→ WHAT YOU ARE ASKED TO DO:
Show all lines below holding the string "sqrt".

::: RAW DATA

(* Let $S$ be a compact surface, $H\leq G$, $\hat p$ a tuple of distinct points of $\mathrm{int}(S)$ and $q\in\mathrm{int}(S_{\hat p})$. For $n>0$ let $$A_{q,n}=\{[wh]:\ h\in H_{\hat p},\ w\in U_{1/n}\cap G_{\hat p},\ wh(q)=q\}\subseteq\mathrm{PMCG}(S_{\hat p,q}),$$ and $F_q=\bigcap_{n>0}A_{q,n}$. Then $F_q$ is closed under multiplication. Consequently, if $A_{q,n}$ is finite for some $n>0$, then $F_q$ is a finite subgroup of $\mathrm{PMCG}(S_{\hat p,q})$.
   Context: $G=\mathrm{Homeo}_{\partial S}(S)$ with the compact-open topology; $S$ carries a fixed hyperbolic or flat Riemannian metric $d$ with geodesic boundary. $V_\epsilon=\{g\in G: d(x,gx)<\epsilon\ \forall x\in S\}$, $U_\epsilon=V_\epsilon\cap V_\epsilon^{-1}$. $G_{\hat p}$, $H_{\hat p}$ are pointwise stabilizers of the points of $\hat p$; $S_{\hat p,q}$ is $S$ with the points of $\hat p$ and $q$ removed; $\mathrm{PMCG}(S_{\hat p,q})$ is the quotient of $G_{\hat p,q}$ by homotopies fixing $\partial S$, $\hat p$ and $q$, and $[g]$ is the class of $g$. *)

From Stdlib Require Import Reals List.
Open Scope R_scope.

Inductive geom := Flat | Hyperbolic.

Definition eucl_dist (z w : R * R) : R :=
  sqrt ((fst z - fst w)^2 + (snd z - snd w)^2).

(* hyperbolic distance on the upper half-plane: arcosh(1 + |z-w|^2/(2 y_z y_w)) *)
Definition hyp_dist (z w : R * R) : R :=
  let t := 1 + ((fst z - fst w)^2 + (snd z - snd w)^2) / (2 * snd z * snd w) in
  ln (t + sqrt (t * t - 1)).

Definition mdist (g : geom) : R * R -> R * R -> R :=
  match g with Flat => eucl_dist | Hyperbolic => hyp_dist end.

(* model domain: the full plane (full = true) or the closed half-plane
   {x >= 0}, bounded by the geodesic {x = 0} (full = false) *)
Definition model_dom (g : geom) (full : bool) (z : R * R) : Prop :=
  match g, full with
  | Flat, true => True
  | Flat, false => 0 <= fst z
  | Hyperbolic, true => 0 < snd z
  | Hyperbolic, false => 0 < snd z /\ 0 <= fst z
  end.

::::::

→ TASK ANSWER:
  sqrt ((fst z - fst w)^2 + (snd z - snd w)^2).
  ln (t + sqrt (t * t - 1)).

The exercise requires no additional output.